## Your goal
Identify each line below containing the string "apply" and copy it.

Stored data entries
○ ○ ○

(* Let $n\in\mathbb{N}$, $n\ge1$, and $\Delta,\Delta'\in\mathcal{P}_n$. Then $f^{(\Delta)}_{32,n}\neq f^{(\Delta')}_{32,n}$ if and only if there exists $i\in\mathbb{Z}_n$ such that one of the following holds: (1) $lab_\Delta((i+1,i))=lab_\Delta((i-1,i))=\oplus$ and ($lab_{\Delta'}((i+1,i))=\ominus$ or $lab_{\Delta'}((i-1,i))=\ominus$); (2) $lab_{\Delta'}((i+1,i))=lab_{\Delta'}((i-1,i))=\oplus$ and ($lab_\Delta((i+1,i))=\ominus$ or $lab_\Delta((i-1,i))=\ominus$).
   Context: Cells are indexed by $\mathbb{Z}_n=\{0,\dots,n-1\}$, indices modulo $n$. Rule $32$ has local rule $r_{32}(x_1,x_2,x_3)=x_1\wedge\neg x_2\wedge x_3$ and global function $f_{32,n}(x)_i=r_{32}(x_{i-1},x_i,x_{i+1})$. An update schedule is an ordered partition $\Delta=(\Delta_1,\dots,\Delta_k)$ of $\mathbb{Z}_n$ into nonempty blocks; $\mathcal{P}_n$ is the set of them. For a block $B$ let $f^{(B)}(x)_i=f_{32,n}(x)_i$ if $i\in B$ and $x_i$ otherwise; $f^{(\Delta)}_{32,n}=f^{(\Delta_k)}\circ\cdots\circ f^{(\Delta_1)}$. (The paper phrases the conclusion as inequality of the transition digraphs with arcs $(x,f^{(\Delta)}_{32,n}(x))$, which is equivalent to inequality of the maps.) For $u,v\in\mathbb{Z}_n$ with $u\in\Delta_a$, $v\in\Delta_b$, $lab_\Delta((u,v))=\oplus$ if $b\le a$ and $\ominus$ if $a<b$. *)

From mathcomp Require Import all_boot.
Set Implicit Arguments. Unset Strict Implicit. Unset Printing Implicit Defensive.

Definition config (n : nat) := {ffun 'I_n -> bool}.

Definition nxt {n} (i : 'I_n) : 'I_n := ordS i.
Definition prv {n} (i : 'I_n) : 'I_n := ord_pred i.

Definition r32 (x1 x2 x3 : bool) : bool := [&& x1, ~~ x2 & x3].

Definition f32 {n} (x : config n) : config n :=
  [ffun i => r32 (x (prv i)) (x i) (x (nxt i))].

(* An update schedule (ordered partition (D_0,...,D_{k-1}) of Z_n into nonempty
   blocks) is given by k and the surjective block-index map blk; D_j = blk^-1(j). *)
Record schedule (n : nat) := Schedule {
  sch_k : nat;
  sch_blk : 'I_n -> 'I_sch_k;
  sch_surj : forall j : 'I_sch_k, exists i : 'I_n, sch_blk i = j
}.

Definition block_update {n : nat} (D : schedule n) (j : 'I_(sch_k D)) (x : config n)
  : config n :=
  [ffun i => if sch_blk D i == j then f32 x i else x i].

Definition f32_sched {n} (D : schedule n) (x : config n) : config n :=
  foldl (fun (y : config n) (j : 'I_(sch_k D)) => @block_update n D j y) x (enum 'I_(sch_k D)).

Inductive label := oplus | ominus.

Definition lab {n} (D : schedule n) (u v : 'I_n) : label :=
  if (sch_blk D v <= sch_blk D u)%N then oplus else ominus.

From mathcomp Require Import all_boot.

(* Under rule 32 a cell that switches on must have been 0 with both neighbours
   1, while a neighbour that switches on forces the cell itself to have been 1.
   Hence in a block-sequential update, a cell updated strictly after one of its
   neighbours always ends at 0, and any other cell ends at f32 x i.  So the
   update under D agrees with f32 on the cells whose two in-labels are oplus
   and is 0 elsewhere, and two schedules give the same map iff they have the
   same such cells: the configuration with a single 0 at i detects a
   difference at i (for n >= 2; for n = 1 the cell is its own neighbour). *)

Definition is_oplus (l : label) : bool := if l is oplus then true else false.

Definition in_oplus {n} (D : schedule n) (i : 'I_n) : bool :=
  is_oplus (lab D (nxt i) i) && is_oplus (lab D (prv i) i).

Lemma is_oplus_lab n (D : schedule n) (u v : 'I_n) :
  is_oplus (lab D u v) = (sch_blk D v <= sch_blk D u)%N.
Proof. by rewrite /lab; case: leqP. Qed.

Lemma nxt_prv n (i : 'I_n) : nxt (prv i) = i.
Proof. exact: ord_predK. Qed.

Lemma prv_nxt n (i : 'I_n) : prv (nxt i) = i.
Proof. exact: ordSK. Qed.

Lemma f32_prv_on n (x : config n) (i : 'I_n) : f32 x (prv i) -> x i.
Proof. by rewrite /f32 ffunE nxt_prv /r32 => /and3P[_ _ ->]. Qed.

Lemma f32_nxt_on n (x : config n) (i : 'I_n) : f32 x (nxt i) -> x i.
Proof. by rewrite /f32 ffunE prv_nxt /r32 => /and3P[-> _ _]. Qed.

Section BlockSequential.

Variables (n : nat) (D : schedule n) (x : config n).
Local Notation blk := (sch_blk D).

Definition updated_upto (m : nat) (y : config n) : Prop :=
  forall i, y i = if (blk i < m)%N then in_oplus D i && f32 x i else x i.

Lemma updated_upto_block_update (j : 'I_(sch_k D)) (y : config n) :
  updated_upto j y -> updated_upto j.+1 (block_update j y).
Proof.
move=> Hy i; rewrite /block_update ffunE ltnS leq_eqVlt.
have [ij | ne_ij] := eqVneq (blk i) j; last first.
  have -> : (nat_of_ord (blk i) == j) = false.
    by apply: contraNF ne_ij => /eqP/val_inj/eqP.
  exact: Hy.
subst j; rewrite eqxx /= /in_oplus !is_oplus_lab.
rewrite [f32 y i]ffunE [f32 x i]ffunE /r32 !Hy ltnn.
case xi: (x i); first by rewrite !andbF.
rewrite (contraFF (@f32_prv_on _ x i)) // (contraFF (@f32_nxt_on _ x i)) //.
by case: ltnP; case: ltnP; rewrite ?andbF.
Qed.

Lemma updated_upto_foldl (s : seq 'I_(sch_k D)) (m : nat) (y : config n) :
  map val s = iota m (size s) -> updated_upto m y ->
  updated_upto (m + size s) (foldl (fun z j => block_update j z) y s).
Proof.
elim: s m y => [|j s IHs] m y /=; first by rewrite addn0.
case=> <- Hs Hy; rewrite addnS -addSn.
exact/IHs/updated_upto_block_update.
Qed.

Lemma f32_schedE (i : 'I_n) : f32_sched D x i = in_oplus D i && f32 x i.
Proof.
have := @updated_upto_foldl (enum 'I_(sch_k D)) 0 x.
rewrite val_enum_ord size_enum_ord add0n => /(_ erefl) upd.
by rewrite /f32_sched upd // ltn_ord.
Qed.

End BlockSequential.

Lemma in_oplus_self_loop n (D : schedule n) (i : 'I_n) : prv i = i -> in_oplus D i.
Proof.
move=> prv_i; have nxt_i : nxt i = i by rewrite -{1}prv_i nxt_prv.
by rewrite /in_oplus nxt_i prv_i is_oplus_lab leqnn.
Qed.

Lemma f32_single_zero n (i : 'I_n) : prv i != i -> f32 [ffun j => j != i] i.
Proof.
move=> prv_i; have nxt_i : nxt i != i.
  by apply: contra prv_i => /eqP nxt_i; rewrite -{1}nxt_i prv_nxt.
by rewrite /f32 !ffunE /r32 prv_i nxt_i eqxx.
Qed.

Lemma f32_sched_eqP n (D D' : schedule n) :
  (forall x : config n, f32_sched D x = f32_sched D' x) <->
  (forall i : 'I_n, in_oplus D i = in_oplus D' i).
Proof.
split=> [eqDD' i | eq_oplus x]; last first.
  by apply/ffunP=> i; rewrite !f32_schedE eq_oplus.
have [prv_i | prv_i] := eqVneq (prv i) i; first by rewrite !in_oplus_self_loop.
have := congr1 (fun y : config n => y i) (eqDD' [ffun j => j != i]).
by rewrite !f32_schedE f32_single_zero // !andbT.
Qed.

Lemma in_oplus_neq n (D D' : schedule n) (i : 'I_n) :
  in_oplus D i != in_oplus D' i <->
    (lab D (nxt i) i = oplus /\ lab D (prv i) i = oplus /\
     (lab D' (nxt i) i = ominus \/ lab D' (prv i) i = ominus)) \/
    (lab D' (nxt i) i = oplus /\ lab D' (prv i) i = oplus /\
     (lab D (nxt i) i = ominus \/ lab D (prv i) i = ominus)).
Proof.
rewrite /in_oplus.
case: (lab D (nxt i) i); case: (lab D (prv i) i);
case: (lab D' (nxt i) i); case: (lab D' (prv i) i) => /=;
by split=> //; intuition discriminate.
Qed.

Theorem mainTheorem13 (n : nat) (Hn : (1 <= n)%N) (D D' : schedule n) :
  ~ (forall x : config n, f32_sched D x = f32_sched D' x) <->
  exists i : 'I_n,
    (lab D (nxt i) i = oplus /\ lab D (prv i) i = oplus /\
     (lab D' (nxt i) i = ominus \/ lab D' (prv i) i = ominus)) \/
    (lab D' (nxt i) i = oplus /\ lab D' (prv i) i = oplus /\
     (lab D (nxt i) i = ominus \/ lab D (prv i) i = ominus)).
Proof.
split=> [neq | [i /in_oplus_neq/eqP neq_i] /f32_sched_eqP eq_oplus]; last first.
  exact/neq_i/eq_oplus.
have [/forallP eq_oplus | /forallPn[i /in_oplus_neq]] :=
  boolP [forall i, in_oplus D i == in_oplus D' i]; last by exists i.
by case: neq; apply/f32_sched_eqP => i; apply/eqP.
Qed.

○ ○ ○

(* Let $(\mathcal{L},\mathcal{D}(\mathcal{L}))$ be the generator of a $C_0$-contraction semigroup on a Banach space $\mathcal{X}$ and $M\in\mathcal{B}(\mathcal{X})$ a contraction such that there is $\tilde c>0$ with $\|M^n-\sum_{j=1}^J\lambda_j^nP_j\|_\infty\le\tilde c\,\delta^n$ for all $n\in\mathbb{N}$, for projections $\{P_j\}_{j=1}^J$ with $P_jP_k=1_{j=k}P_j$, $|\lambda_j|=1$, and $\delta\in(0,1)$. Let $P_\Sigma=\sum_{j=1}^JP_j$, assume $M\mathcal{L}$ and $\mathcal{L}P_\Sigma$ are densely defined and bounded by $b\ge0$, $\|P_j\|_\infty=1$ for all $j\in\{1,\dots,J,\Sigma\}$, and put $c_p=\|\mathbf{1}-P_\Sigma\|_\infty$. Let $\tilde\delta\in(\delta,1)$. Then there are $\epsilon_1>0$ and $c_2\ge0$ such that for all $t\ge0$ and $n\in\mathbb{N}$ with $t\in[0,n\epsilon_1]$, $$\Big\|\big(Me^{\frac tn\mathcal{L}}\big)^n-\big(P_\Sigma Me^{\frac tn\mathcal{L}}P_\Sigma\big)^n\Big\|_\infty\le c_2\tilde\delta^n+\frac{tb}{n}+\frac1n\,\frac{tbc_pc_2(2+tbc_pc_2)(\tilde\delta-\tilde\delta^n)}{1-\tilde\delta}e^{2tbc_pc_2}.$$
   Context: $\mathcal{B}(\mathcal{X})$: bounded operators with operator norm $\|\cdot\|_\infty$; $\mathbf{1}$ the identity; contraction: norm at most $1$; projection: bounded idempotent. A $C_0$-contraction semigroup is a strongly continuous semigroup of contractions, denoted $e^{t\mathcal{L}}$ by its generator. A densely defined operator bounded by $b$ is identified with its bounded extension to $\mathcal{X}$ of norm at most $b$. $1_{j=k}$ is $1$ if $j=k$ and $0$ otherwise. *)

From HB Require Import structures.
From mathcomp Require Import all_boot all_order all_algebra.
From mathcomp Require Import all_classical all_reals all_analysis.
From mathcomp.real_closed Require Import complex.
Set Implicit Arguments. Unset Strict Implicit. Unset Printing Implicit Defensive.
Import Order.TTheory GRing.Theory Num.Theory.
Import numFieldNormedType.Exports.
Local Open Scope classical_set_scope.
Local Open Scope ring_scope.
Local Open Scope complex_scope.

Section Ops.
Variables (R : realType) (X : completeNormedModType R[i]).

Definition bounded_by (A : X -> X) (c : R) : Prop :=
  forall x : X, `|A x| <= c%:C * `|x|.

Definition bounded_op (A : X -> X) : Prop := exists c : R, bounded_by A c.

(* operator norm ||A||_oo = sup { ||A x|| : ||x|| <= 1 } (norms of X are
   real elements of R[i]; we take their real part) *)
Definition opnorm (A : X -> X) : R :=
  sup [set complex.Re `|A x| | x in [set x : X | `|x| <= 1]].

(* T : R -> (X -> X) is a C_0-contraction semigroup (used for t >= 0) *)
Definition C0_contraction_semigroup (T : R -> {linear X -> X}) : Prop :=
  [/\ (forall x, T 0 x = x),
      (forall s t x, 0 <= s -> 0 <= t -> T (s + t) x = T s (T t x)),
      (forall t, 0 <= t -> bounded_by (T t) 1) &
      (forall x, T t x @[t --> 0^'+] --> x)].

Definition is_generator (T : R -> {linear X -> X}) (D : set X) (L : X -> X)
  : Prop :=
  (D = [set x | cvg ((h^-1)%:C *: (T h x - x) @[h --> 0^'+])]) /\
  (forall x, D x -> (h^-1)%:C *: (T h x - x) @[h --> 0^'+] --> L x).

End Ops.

○ ○ ○

## Response
    by apply: contraNF ne_ij => /eqP/val_inj/eqP.
  by apply: contra prv_i => /eqP nxt_i; rewrite -{1}nxt_i prv_nxt.
  by apply/ffunP=> i; rewrite !f32_schedE eq_oplus.
by case: neq; apply/f32_sched_eqP => i; apply/eqP.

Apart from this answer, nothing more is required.